Interesting

Interesting was Originally Posted on September 10, 2013 by

I just did a quick check at Bankrate.Com and the best CD rate at this time is a measly 1% and you have to put in $25,000 to start.

The best Money Market Account is about 1% and you need a minimum of 410,000.

While you have to tie your money up now for 3 years minimum, would you like to be making over 8% per year? Easy!

A while back, a friend and I went to a casino in the Bahamas. They had a slot promotion going on and I noticed something odd. The casino money carts kept being wheeled to the machines and the casino people kept filling up the machines with money, a lot like a candy machine is restocked. If you know slots, that is quite unusual and meant that these machines kept paying out. With regular slots, you put money in, pull the handle and the machine takes most of your money. Oh you might win some in the short term, but generally you lose more than you win, long term.

Let’s say that you find a machine that pays out. You put in a quarter and it pays 30 cents, put in another quarter and it pays 28 cents, another quarter brings 40 cents, another brings 35 cents. You play for 20 minutes like this and all of a sudden the machine takes your quarter. Over that time, maybe you made $13 and lost $2. Would you stay at that machine? Is it called an investment if you make more than you lose?

I remind you that P2P (peer to peer) lending is still a viable way to make money. You open an account with a lender such as Prosper.Com or LendingClub.com, fund the account with as little as perhaps a couple hundred dollars and invest away. I use Prosper but just created a LendingClub account also, so my comments are based upon Prosper and a bit by the latter.

Setting up an account takes all of a minute or two. Then funding is tying in a checking account (acct number and routing number) or a bank transfer or send in a check.

When those funds appear (a couple of days) you will login and decide which loans to invest in. These sites do all the research and you decide if you think the person should have any of your money. The sites also give you the ability to invest in many loans at one time and that is a suggestion, invest a little in a lot of loans. By doing so, you limit the chances that one bad loan will hurt you significantly.

With my very conservative investment at Prosper, I am returning 8.98% per year and of the 11 loans (notes) I have invested in, not one has had a late payment or defaulted. 5 of those 11 have been paid off and some of them paid off early, limited larger interest to me. I hate it when people pay off a loan too fast :-)

Many of these people may not have been able to get a loan at a traditional bank because they have high debts. For example a person might have $10,000 in credit card debt and be at 85% of their limit. A bank might turn them down, but I may not. I may invest $25 or more because they say they are going to take this 11% loan and pay off their credit cards which may be up at 21% interest. By then paying off the high interest cards with this loan, they immediately have cashflow and their monthly expense of debt may have just halved. Their credit score goes up because they are paying off loans responsibly.

You get to decide who to invest in, you decide how much to invest and you get interest as they pay their loan.

You are given information and statistics as to what percentage of these loans goes bad, and that information also determines the interest rate the recipient pays on the loan.

It really is a simple process and you can start with a small amount of money and test the waters. I think if you try P2P lending, you will like it. I literally have put some money in an account, fund some loans and sit back as my account accumulates interest at a great rate (compared to other ways).

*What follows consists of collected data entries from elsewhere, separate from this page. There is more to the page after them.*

(* Under the time evolution $T_\infty$, the basic solitons are exactly: (1) the words $F_k=F F\cdots F$ ($k$ letters, $k\ge1$), which are solitons of speed $k$ (called fast solitons); (2) the nonempty words in the letters $F$, $B_a$, $U_a$ ($a\geq1$) which contain neither $FF$ nor $FU_a$ (for any $a$) as a pair of consecutive letters; these are solitons of speed $1$ (called slow solitons).
   Context: Box-basket-ball system (BBBS). A site state is a triple $(a,b,c)$ of nonnegative integers with $a=b-c+1$ (one box, $b$ baskets, $c$ balls; each box/basket holds at most one ball, balls placed in the box first). Write $V=(1,0,0)$, $F=(0,0,1)$, $B_a=(a+1,a,0)$, $U_a=(a,a,1)$ for $a\ge1$. A state is a sequence $(S_i)_{i\in\mathbb Z}$ of site states with $S_i=V$ for all but finitely many $i$. The time evolution $T_\infty$: first every empty basket (there are $\min(a_i,b_i)$ at site $i$) is moved from site $i$ to site $i+1$, full baskets staying; then the balls are taken one at a time from left to right, and each is moved to the nearest currently unoccupied box or basket at a site strictly to its right (each ball moves exactly once). Solitons: for a finite word $A=A_1\cdots A_n$ of site states and $p\in\mathbb Z$, ''$A$ at $p$'' is the state with $S_{p+j-1}=A_j$ for $1\le j\le n$ and $S_i=V$ otherwise. A word $A$ with $A_1\ne V\ne A_n$ is a soliton of speed $v\ge1$ (for a time evolution $T$) if $T$ maps $A$ at $p$ to $A$ at $p+v$ for all $p$. A soliton $A$ of speed $v$ is basic if it cannot be written as $A=A'V^jA''$ with $A',A''$ nonempty solitons and $j\ge v$. *)

From HB Require Import structures.
From mathcomp Require Import all_boot all_order all_algebra.
Set Implicit Arguments. Unset Strict Implicit. Unset Printing Implicit Defensive.
Import Order.TTheory GRing.Theory Num.Theory.

Definition site := (nat * nat * nat)%type.
Definition sa (s : site) : nat := s.1.1.
Definition sb (s : site) : nat := s.1.2.
Definition sc (s : site) : nat := s.2.
Definition wf_site (s : site) : bool := sa s + sc s == sb s + 1.

Definition V : site := (1, 0, 0).
Definition F : site := (0, 0, 1).
Definition B (a : nat) : site := (a.+1, a, 0).
Definition U (a : nat) : site := (a, a, 1).

Definition at_ (A : seq site) (p : int) : int -> site :=
  fun i => if ((p <= i)%R && (i < p + (size A)%:Z)%R) then nth V A (absz (i - p)%R)
           else V.

(** Step 1 of T_infty: every empty basket (min(a,b) of them at a site) moves
    one site to the right; full baskets, boxes and balls stay. *)
Fixpoint basket_move (prev : nat) (w : seq site) : seq (nat * nat) :=
  match w with
  | [::] => [::]
  | s :: w' => let e := minn (sa s) (sb s) in (sb s - e + prev, sc s) :: basket_move e w'
  end.

(** Step 2: one ball at site j moves to the nearest site k > j having a
    currently unoccupied container (occupancy < capacity = 1 box + baskets). *)
Definition move_one (cap : seq nat) (j : nat) (occ : seq nat) : seq nat :=
  let k := j.+1 + find (fun k => nth 0 occ k < nth 0 cap k) (iota j.+1 (size cap - j.+1)) in
  set_nth 0 (set_nth 0 occ k (nth 0 occ k).+1) j (nth 0 occ j).-1.

(** Balls are taken one at a time from left to right; each original ball
    moves exactly once. *)
Definition move_balls (orig cap : seq nat) : seq nat :=
  foldl (fun occ j => iter (nth 0 orig j) (move_one cap j) occ) orig (iota 0 (size orig)).

(** T_infty applied to the finite window w (everything to the left of the
    window is V, hence inert).  The window is padded on the right by enough
    V's that every basket and ball stays inside it. *)
Definition Tword (w : seq site) : seq site :=
  let w' := w ++ nseq (sumn (map sc w)).+2 V in
  let bc := basket_move 0 w' in
  let b' := map fst bc in
  let c := map snd bc in
  let c' := move_balls c (map S b') in
  [seq (x.1 + 1 - x.2, x.1, x.2) | x <- zip b' c'].

Definition Tinf_at (A : seq site) (p : int) : int -> site := at_ (Tword A) p.

Definition is_soliton (A : seq site) (v : nat) : Prop :=
  [/\ all wf_site A, head V A != V, last V A != V, 0 < v &
      forall p : int, Tinf_at A p =1 at_ A (p + v%:Z)%R].

Definition is_basic (A : seq site) (v : nat) : Prop :=
  is_soliton A v /\
  ~ (exists (A' A'' : seq site) (j v' v'' : nat),
        [/\ A = A' ++ nseq j V ++ A'', v <= j, A' != [::] & A'' != [::]] /\
        is_soliton A' v' /\ is_soliton A'' v'').

Definition isB (s : site) : Prop := exists a, 0 < a /\ s = B a.
Definition isU (s : site) : Prop := exists a, 0 < a /\ s = U a.

Definition slow_word (A : seq site) : Prop :=
  [/\ A <> [::],
      (forall i, i < size A -> nth V A i = F \/ isB (nth V A i) \/ isU (nth V A i)) &
      (forall i, i.+1 < size A -> nth V A i = F ->
         ~ (nth V A i.+1 = F \/ isU (nth V A i.+1)))].

From mathcomp Require Import all_boot all_order all_algebra zify.

(** T_infty is computed by a left-to-right sweep remembering two numbers:
    the empty baskets arriving from the previous site and the balls in
    transit.  Counting baskets shows that all baskets of a soliton
    are empty, so its letters are V, F, B_a and U_a ([soliton_letters]).  Finally a soliton of speed [v >= 2] is
    F^v or splits after F^v V^v ([fast_case]), and a soliton of speed one is
    a slow word or splits at its first V ([slow_case]); since a word without
    V cannot split, the basic solitons are exactly F^k and the slow words. *)

Definition psum (f : nat -> nat) (k : nat) : nat := \sum_(i < k) f i.

Lemma psumS f k : psum f k.+1 = psum f k + f k.
Proof. by rewrite /psum big_ord_recr. Qed.

Lemma psum_mono f {a b : nat} : a <= b -> psum f a <= psum f b.
Proof.
move=> /subnK <-; elim: (b - a) => [|d IH]; first by rewrite add0n.
by rewrite addSn psumS (leq_trans IH) ?leq_addr.
Qed.

Lemma psum_ext f g k : (forall i, i < k -> f i = g i) -> psum f k = psum g k.
Proof. by move=> fg; apply: eq_bigr => i _; apply: fg. Qed.

Lemma psum_lb f a b : a <= b -> (forall k, a <= k < b -> 0 < f k) ->
  b - a <= psum f b - psum f a.
Proof.
elim: b => [|b IH] ab fpos; first by rewrite sub0n.
case: (ltngtP a b.+1) => [ab1||->]; [|lia|by rewrite subnn].
have := IH ab1 (fun k kb => fpos k ltac:(lia)); have := fpos b ltac:(lia).
have := @psum_mono f a b ab1; rewrite psumS; lia.
Qed.

Lemma psum_nth {T : Type} (x0 : T) (f : T -> nat) (l : seq T) :
  psum (fun i => f (nth x0 l i)) (size l) = sumn (map f l).
Proof. by rewrite sumnE big_map (big_nth x0) big_mkord. Qed.

Lemma find_first (T : Type) (a : pred T) (s : seq T) x0 i :
  i < size s -> a (nth x0 s i) -> (forall i', i' < i -> ~~ a (nth x0 s i')) ->
  find a s = i.
Proof.
move=> i_lt ai before.
have has_a : has a s by apply/(has_nthP x0); exists i.
case: (ltngtP (find a s) i) => // lt_find.
- by have := before _ lt_find; rewrite nth_find.
- by have := before_find x0 lt_find; rewrite ai.
Qed.

(** The final occupancies are given by a carry recursion: [carry j]
    balls are in transit when the sweep reaches site [j], and
    [landed j = minn (carry j) (room j)] of them stay there. *)
Section GreedyFilling.
Variables orig cap : seq nat.

Definition room (k : nat) : nat := nth 0 cap k - nth 0 orig k.
Definition room_upto (k : nat) : nat := psum room k.

Fixpoint carry (j : nat) : nat :=
  if j is j'.+1 then carry j' - minn (carry j') (room j') + nth 0 orig j' else 0.

Definition landed (j : nat) : nat := minn (carry j) (room j).

(** How many of [Y] balls, filling greedily the room of the sites from [j] on,
    end at site [k]. *)
Definition fill (Y j k : nat) : nat :=
  minn Y (room_upto k.+1 - room_upto j) - minn Y (room_upto k - room_upto j).

Lemma carry_le j : carry j <= psum (nth 0 orig) j.
Proof. by elim: j => [|j IH] //=; rewrite psumS; lia. Qed.

Lemma move_one_first j k0 occ :
  j < k0 < size cap -> nth 0 occ k0 < nth 0 cap k0 ->
  (forall k, j < k < k0 -> nth 0 cap k <= nth 0 occ k) ->
  move_one cap j occ =
  set_nth 0 (set_nth 0 occ k0 (nth 0 occ k0).+1) j (nth 0 occ j).-1.
Proof.
move=> /andP [jk0 k0L] free_k0 full.
rewrite /move_one (@find_first _ _ _ 0 (k0 - j.+1)).
- by rewrite subnKC.
- by rewrite size_iota; lia.
- by rewrite nth_iota ?subnKC //; lia.
- move=> i lt_i; rewrite nth_iota; last lia.
  by rewrite -leqNgt; apply: full; lia.
Qed.

Lemma move_one_fill j occ Y :
  size occ = size cap -> j < size cap ->
  Y < room_upto (size cap) - room_upto j.+1 ->
  (forall k, j < k < size cap -> nth 0 occ k = nth 0 orig k + fill Y j.+1 k) ->
  [/\ size (move_one cap j occ) = size cap,
      nth 0 (move_one cap j occ) j = (nth 0 occ j).-1,
      (forall k, k < j -> nth 0 (move_one cap j occ) k = nth 0 occ k) &
      (forall k, j < k < size cap ->
         nth 0 (move_one cap j occ) k = nth 0 orig k + fill Y.+1 j.+1 k)].
Proof.
move=> size_occ jL Y_lt occ_fill.
set L := size cap in jL Y_lt occ_fill *.
have room_uptoS k : room_upto k.+1 = room_upto k + room k by exact: psumS.
have room_upto_mono a b : a <= b -> room_upto a <= room_upto b by exact: psum_mono.
(* some room is left after [j], so [j] is not the last site *)
have jL1 : j < L.-1.
  by case: (ltnP j L.-1) => // Lj; have := room_upto_mono L j.+1 ltac:(lia); lia.
have ex_k0 : exists k, (j < k) && (Y < room_upto k.+1 - room_upto j.+1).
  by exists L.-1; rewrite jL1 prednK //; lia.
case: (ex_minnP ex_k0) => k0 /andP [jk0 Yk0] k0_min.
have k0L : k0 < L.
  by have := k0_min L.-1; rewrite jL1 prednK ?Y_lt //; [move/(_ isT); lia | lia].
have full_before k : j < k < k0 -> room_upto k.+1 - room_upto j.+1 <= Y.
  move=> /andP [jk kk0]; rewrite leqNgt; apply/negP => Yk.
  by have := k0_min k; rewrite jk Yk /= => /(_ isT); lia.
have Y_k0 : room_upto k0 - room_upto j.+1 <= Y.
  case: (ltnP j.+1 k0) => [jk0'|k0j]; last by rewrite (_ : k0 = j.+1) ?subnn //; lia.
  by have := full_before k0.-1; rewrite prednK; [apply; lia | lia].
have room_j_k0 := room_upto_mono j.+1 k0 jk0.
rewrite (@move_one_first j k0) ?jk0 //; first last.
- move=> k /andP [jk kk0]; rewrite occ_fill ?jk; last lia.
  have := full_before k ltac:(lia); have := room_uptoS k.
  have := room_upto_mono j.+1 k jk.
  by rewrite /fill /room; lia.
- by rewrite occ_fill ?jk0 //; have := room_uptoS k0; rewrite /fill /room; lia.
split.
- by rewrite !size_set_nth; lia.
- by rewrite nth_set_nth /= eqxx.
- move=> k kj; rewrite !nth_set_nth /= (ltn_eqF kj) nth_set_nth /=.
  by have -> : (k == k0) = false by apply/eqP; lia.
- move=> k /andP [jk kL]; rewrite !nth_set_nth /= (gtn_eqF jk) nth_set_nth /=.
  rewrite /fill; case: (ltngtP k k0) => [kk0|k0k|->].
  + rewrite occ_fill ?jk //; have := full_before k ltac:(lia); have := room_uptoS k.
    have := room_upto_mono j.+1 k jk; rewrite /fill; lia.
  + rewrite occ_fill ?jk //; have := room_upto_mono k0.+1 k k0k; rewrite /fill; lia.
  + by rewrite occ_fill ?jk0 //; rewrite /fill; lia.
Qed.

With stocks, you can invest and hope that it goes up in value, but any major or minor news item could send your stock into deep water. With these loans, you have a choice, a lot like bonds. You can choose a low rick of perhaps someone paying 7% with a 1% loss rate, or take a bit riskier chance with a loan paying 27% with a 14% loss rate. That last loan category, if you chose an random number of loans would pay 27% minus 14% loss and still net you 13%. I think if you chose more carefully than random, you could get higher than that 13% return rate.

I don’t invest in loans where the person is trying to fund a wedding, honeymoon or vacation. I saw a listing where a businessman was asking for a large amount to help him buy a boat. He had lots of credit card usage, didn’t say he was paying off the cards, just buying a boat. Did he realize that a boat is a hole in the water that you throw money in? If he has to borrow to buy a boat, can he afford to dock it, fuel it, do maintenance, etc? Do the newlyweds understand that if they have to borrow $10,000 or more to get married, how can they afford to live? Why not pay off bills and save for a big honeymoon later. Those are the thought that come to me as I read listings.

Someone borrowing money for purposes not disclosed, no way! However, I will invest in some businesses trying to get going, especially if they are knowledgeable about the field they are entering. Someone who worked at a job for someone else who wants to start a similar business would be a better choice.

As I say, I’m not the savviest investor but this way is simple and you know the risks up front.